So I do see a valid rationale for comparing it to 5e, I think there was some learning from that system, coupled with a desire to not throw the baby out with the bathwater that led to Pathfinder 2e. It does what 5e does, but its more thoughtful about how to implement its streamlining, rather than taking a hatchet to rules and options to offer a stripped down rule set under the premise that the players won't care anyway-- which was successful, but seems to be causing some growing pains once the players it introduces, and retains, aren't actually new anymore.
 

kenada

Legend
Supporter
It also uses a bounded accuracy system, although those bounds scale with level, instead of staying relatively static (which is why character optimization doesn't break it.)
No, that’s not bounded accuracy. The point of bounded accuracy is that the numbers don’t go up. 5e doesn’t assume progression, but we know that PF2 has an expected progression because it has optional variants like Automatic Bonus Progression that enumerate the progression in order to remove the dependency on magic items it assumes. PF2 is basically the opposite of 5e in this regard, and calling what it does “bounded accuracy” is a stretch.

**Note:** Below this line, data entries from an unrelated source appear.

(* Let $n>m=0$, $d\ge1$, $a\in\mathbb{C}^\times$, and $f_a(x_2,\dots,x_n)=\sum_{i=2}^nx_i^d+a/\prod_{i=2}^nx_i^d$. Then: (1) $f_a$ is convenient, i.e. the origin lies in the interior of $\Delta(f_a)$; (2) $\Delta(f_a)$ is the set of $(u_2,\dots,u_n)\in\mathbb{R}^{n-1}$ satisfying $h_{n+1}:=\sum_{i=2}^nu_i\le d$ and $h_{i_0}:=\sum_{i=2}^nu_i-n\,u_{i_0}\le d$ for $2\le i_0\le n$; (3) $f_a$ is non-degenerate with respect to $\Delta(f_a)$.
   Context: For a Laurent polynomial $g=\sum_\tau c(\tau)z^\tau$ in $N$ variables, $\mathrm{Supp}(g)=\{\tau:c(\tau)\ne0\}$, the Newton polytope $\Delta(g)$ is the convex hull of $\mathrm{Supp}(g)\cup\{0\}$ in $\mathbb{R}^N$, and $g$ is non-degenerate with respect to $\Delta(g)$ if for each face $\sigma$ of $\Delta(g)$ not containing $0$, $g_\sigma=\sum_{\tau\in\sigma\cap\mathbb{Z}^N}c(\tau)z^\tau$ has no critical point in $(\mathbb{C}^\times)^N$. A monomial $\prod x_i^{u_i}$ is identified with the lattice point $(u_2,\dots,u_n)$. *)

From HB Require Import structures.
From mathcomp Require Import all_boot all_order all_algebra.
From mathcomp Require Import all_classical all_reals all_analysis.
From mathcomp Require Import complex.
Set Implicit Arguments. Unset Strict Implicit. Unset Printing Implicit Defensive.
Import Order.TTheory GRing.Theory Num.Theory.
Import numFieldTopology.Exports numFieldNormedType.Exports.
Local Open Scope ring_scope.
Local Open Scope classical_set_scope.

Section Laurent.
Variables (R : realType) (N : nat).
Local Notation C := (complex R).

Definition expo := 'rV[int]_N.

(* A Laurent polynomial g = sum_tau c(tau) z^tau : coefficient function with
   finite support, given with a sequence containing the support. *)
Record laurent := Laurent {
  lcoef : expo -> C;
  lsupp : seq expo;
  lsuppP : forall tau, lcoef tau != 0 -> tau \in lsupp }.

Definition Supp (g : laurent) : seq expo :=
  [seq tau <- undup (lsupp g) | lcoef g tau != 0].

Definition toR (tau : expo) : 'rV[R]_N := map_mx (fun k : int => k%:~R) tau.

Definition conv (s : seq 'rV[R]_N) : set 'rV[R]_N :=
  [set u | exists lam : 'I_(size s) -> R,
      (forall k, 0 <= lam k) /\ \sum_k lam k = 1 /\
      u = \sum_k lam k *: s`_(nat_of_ord k)].

Definition Newton (g : laurent) : set 'rV[R]_N :=
  conv (0 :: [seq toR tau | tau <- Supp g]).

Definition convenient (g : laurent) : Prop := (interior (Newton g)) 0.

Definition dotR (w u : 'rV[R]_N) : R := \sum_i w ord0 i * u ord0 i.

Definition is_face (P sigma : set 'rV[R]_N) : Prop :=
  exists w : 'rV[R]_N,
    sigma = [set u | P u /\ forall v, P v -> dotR w v <= dotR w u].

Definition lrestr_coef (g : laurent) (sigma : set 'rV[R]_N) (tau : expo) : C :=
  if `[< sigma (toR tau) >] then lcoef g tau else 0.

Lemma lrestr_suppP (g : laurent) (sigma : set 'rV[R]_N) tau :
  lrestr_coef g sigma tau != 0 -> tau \in lsupp g.
Proof.
rewrite /lrestr_coef; case: ifP => _; last by rewrite eqxx.
exact: lsuppP.
Qed.

Definition lrestr (g : laurent) (sigma : set 'rV[R]_N) : laurent :=
  Laurent (@lrestr_suppP g sigma).

Definition mono (tau : expo) (z : 'rV[C]_N) : C := \prod_i z ord0 i ^ tau ord0 i.

Definition unitE (j : 'I_N) : expo := delta_mx ord0 j.

(* value at z of the partial derivative d g / d z_j  (d z^tau/dz_j = tau_j z^(tau-e_j)) *)
Definition dpartial (g : laurent) (j : 'I_N) (z : 'rV[C]_N) : C :=
  \sum_(tau <- undup (lsupp g)) lcoef g tau * (tau ord0 j)%:~R * mono (tau - unitE j) z.

Definition torus_critical (g : laurent) (z : 'rV[C]_N) : Prop :=
  (forall i, z ord0 i != 0) /\ forall j, dpartial g j z = 0.

Definition nondegenerateN (g : laurent) : Prop :=
  forall sigma, is_face (Newton g) sigma -> ~ sigma 0 ->
    ~ exists z, torus_critical (lrestr g sigma) z.

End Laurent.

(* f_a(x_2,...,x_n) = sum_{i=2}^n x_i^d + a / prod_{i=2}^n x_i^d ;
   variables x_2..x_n are indexed by 'I_(n.-1) (index i <-> x_{i+2}). *)
Section Fa.
Variables (R : realType) (n d : nat) (a : complex R).
Local Notation N := n.-1.

Definition fa_coef (tau : expo N) : complex R :=
  (if tau == const_mx (- (d%:Z)) then a else 0)
  + \sum_(i < N) (if tau == (d%:Z) *: unitE i then 1 else 0).

Lemma fa_suppP tau : fa_coef tau != 0 ->
  tau \in const_mx (- (d%:Z)) :: [seq (d%:Z) *: unitE i | i <- enum 'I_N].
Proof.
rewrite /fa_coef in_cons.
have [->|_] := eqVneq tau (const_mx (- (d%:Z))); first by [].

rewrite add0r /= => H; apply/mapP.
have : [exists i : 'I_N, (if tau == (d%:Z) *: unitE i then 1 else 0 : complex R) != 0].
  apply: contraR H => /existsPn Hn.
  by rewrite big1 // => i _; apply/eqP; rewrite -[_ == 0]negbK Hn.
case/existsP => i Hi; exists i; first by rewrite mem_enum.
by move: Hi; have [//|_] := eqVneq tau ((d%:Z) *: unitE i); rewrite eqxx.
Qed.

Definition fa : laurent R N := Laurent fa_suppP.
End Fa.

From Pilot Require Import Defs.
From HB Require Import structures.
From mathcomp Require Import all_boot all_order all_algebra.
From mathcomp Require Import all_classical all_reals all_analysis.
From mathcomp Require Import complex.
From mathcomp Require Import ring lra.
Import Order.TTheory GRing.Theory Num.Theory.
Import numFieldTopology.Exports numFieldNormedType.Exports.
Local Open Scope ring_scope.
Local Open Scope classical_set_scope.
Set Implicit Arguments. Unset Strict Implicit. Unset Printing Implicit Defensive.

(* The support of f_a consists of the pole -d(1,...,1) and the points d e_i, so
   Delta(f_a) is the simplex they span, which contains the origin. Every vertex
   satisfies the n linear inequalities; conversely a point u satisfying them is
   a subconvex combination of the vertices, with weight t/d on the pole and
   (u_i + t)/d on d e_i, where t = max(0, max_i -u_i). The origin satisfies all
   inequalities strictly, hence is interior.
   On the torus, x_j df_sigma/dx_j = d (c_j x_j^d - c_0 x^pole), where c_j and
   c_0 are the coefficients kept in f_sigma; so at a critical point either all
   the nonzero vertices lie on the face sigma or none does. In the first case
   the supporting functional takes its maximum M at each of them; as they sum
   to 0, M = 0 is attained at the origin. In the second case sigma still
   contains a maximising vertex, which can only be the origin. *)

Lemma big_option (T : Type) (idx : T) (op : Monoid.com_law idx) (I : finType)
    (F : option I -> T) :
  \big[op/idx]_o F o = op (F None) (\big[op/idx]_i F (Some i)).
Proof.
rewrite (bigD1 None) //= (reindex_omap Some id) => [|[]//].
by congr (op _ _); apply: eq_bigl => i; rewrite eqxx.
Qed.

Section ConvexHull.
Variables (R : realType) (N : nat).
Implicit Types (s : seq 'rV[R]_N) (u w : 'rV[R]_N).

Lemma dotR_comb (I : finType) (lam : I -> R) (f : I -> 'rV[R]_N) w :
  dotR w (\sum_k lam k *: f k) = \sum_k lam k * dotR w (f k).
Proof.
rewrite /dotR; under eq_bigr do rewrite summxE big_distrr.
rewrite exchange_big; apply: eq_bigr => k _; rewrite big_distrr.
by apply: eq_bigr => i _; rewrite mxE /= mulrCA.
Qed.

Lemma conv_dot_le s w c u :
  Defs.conv s u -> (forall g, g \in s -> dotR w g <= c) -> dotR w u <= c.
Proof.
move=> [lam [lam_ge0 [lam_sum1 ->]]] s_le; rewrite dotR_comb.
rewrite -[c]mul1r -lam_sum1 mulr_suml; apply: ler_sum => k _.
by rewrite ler_wpM2l // s_le // mem_nth.
Qed.

Lemma conv_combination (I : finType) s (f : I -> 'rV[R]_N) (lam : I -> R) :
  (forall k, f k \in s) -> (forall k, 0 <= lam k) -> \sum_k lam k = 1 ->
  Defs.conv s (\sum_k lam k *: f k).
Proof.
move=> fs lam_ge0 lam_sum1.
have index_lt k : (index (f k) s < size s)%N by rewrite index_mem.
pose p k := Ordinal (index_lt k).
have nth_p k : s`_(p k) = f k by rewrite nth_index.
exists (fun j => \sum_(k | p k == j) lam k); split; [|split].
- by move=> j; apply: sumr_ge0.
- by rewrite -lam_sum1 (partition_big p xpredT).
- rewrite (partition_big p xpredT) //=; apply: eq_bigr => j _.
  by rewrite scaler_suml; apply: eq_bigr => k /eqP <-; rewrite nth_p.
Qed.

Lemma mem_conv s g : g \in s -> Defs.conv s g.
Proof.
move=> gs; have := @conv_combination 'I_1 s (fun=> g) (fun=> 1).
by rewrite !big_ord1 scale1r; apply.
Qed.

Lemma conv_subconvex (I : finType) s (f : I -> 'rV[R]_N) (mu : I -> R) :
  0 \in s -> (forall k, f k \in s) -> (forall k, 0 <= mu k) ->
  \sum_k mu k <= 1 -> Defs.conv s (\sum_k mu k *: f k).
Proof.
move=> s0 fs mu_ge0 mu_le1.
pose f' o := if o is Some k then f k else 0.
pose lam o := if o is Some k then mu k else 1 - \sum_k mu k.
have -> : \sum_k mu k *: f k = \sum_o lam o *: f' o.
  by rewrite big_option /= scaler0 add0r.
apply: conv_combination => [[k|]|[k|]|] //=; first by rewrite subr_ge0.
by rewrite big_option /= subrK.
Qed.

Lemma conv_argmax (x : 'rV[R]_N) s w :
  exists2 g, g \in x :: s & forall v, Defs.conv (x :: s) v -> dotR w v <= dotR w g.
Proof.
have [k _ k_max] := @arg_maxP _ _ 'I_(size (x :: s)) ord0 xpredT
  (fun k => dotR w (x :: s)`_k) isT.
exists (x :: s)`_k; first exact: mem_nth.
move=> v /conv_dot_le; apply=> g /(nthP 0)[j j_lt <-].
exact: (k_max (Ordinal j_lt)).
Qed.

Lemma dotR_const1 u : dotR (const_mx 1) u = \sum_i u ord0 i.
Proof. by apply: eq_bigr => i _; rewrite mxE mul1r. Qed.

Lemma dotR_facet (c : R) j u :
  dotR (const_mx 1 - c *: delta_mx 0 j) u = \sum_i u ord0 i - c * u ord0 j.
Proof.
rewrite /dotR; under eq_bigr do rewrite !mxE mulrBl mul1r.
rewrite sumrB; congr (_ - _); rewrite (bigD1 j) //= eqxx mulr1 big1 ?addr0 //.
by move=> i /negbTE ->; rewrite mulr0 mul0r.
Qed.

End ConvexHull.

Section Monomials.
Variables (R : realType) (N : nat).
Implicit Types (tau : expo N) (z : 'rV[R[i]]_N).

Lemma mono_neq0 tau z : (forall i, z ord0 i != 0) -> mono tau z != 0.
Proof. by move=> z_neq0; apply/prodf_neq0 => i _; apply: expfz_neq0. Qed.

Lemma mono_subunit tau (j : 'I_N) z : (forall i, z ord0 i != 0) ->
  mono (tau - Defs.unitE j) z = mono tau z / z ord0 j.
Proof.
move=> z_neq0; rewrite /mono.
under eq_bigr => i _ do rewrite !mxE -[_ - _]/(_ + - _) expfzDr // -mulNrn.
rewrite big_split /=; congr (_ * _).
rewrite (bigD1 j) //= eqxx mulr1n exprN1 big1 ?mulr1 // => i ij.
by rewrite (negbTE ij) mulr0n expr0z.
Qed.

Lemma mul_dpartial (g : laurent R N) j z : (forall i, z ord0 i != 0) ->
  z ord0 j * dpartial g j z =
  \sum_(tau <- undup (lsupp g)) lcoef g tau * (tau ord0 j)%:~R * mono tau z.
Proof.
move=> z_neq0; rewrite /dpartial big_distrr; apply: eq_bigr => tau _.
by rewrite mono_subunit //=; field; apply: z_neq0.
Qed.

Lemma lrestr_coef_neq0 (g : laurent R N) sigma tau :
  (lrestr_coef g sigma tau != 0) = `[< sigma (toR R tau) >] && (lcoef g tau != 0).
Proof. by rewrite /lrestr_coef; case: ifP; rewrite ?eqxx. Qed.

End Monomials.

Section Fa.
Variables (R : realType) (N d : nat) (a : R[i]).
Hypotheses (d_gt0 : (0 < d)%N) (a_neq0 : a != 0).

Definition fa_pole : expo N := const_mx (- d%:Z).
Definition fa_axis (i : 'I_N) : expo N := d%:Z *: Defs.unitE i.
Definition fa_exps : seq (expo N) := fa_pole :: [seq fa_axis i | i <- enum 'I_N].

Rodney Thompson wrote about it during the development of D&D Next. What PF2 does is not this. PF2 in fact is doing something completely different. PF2 is designed specifically that if you don’t keep up, you can’t contribute. This is how lower level foes become worthless fodder and how higher level creatures actually work as solo boss monsters.

Rodney Thompson D&D designer said:
Conventional D&D wisdom tells us that the maxim "the numbers go up" is an inherent part of the class and level progression in D&D. While that might be true, in the next iteration of the game we're experimenting with something we call the bounded accuracy system.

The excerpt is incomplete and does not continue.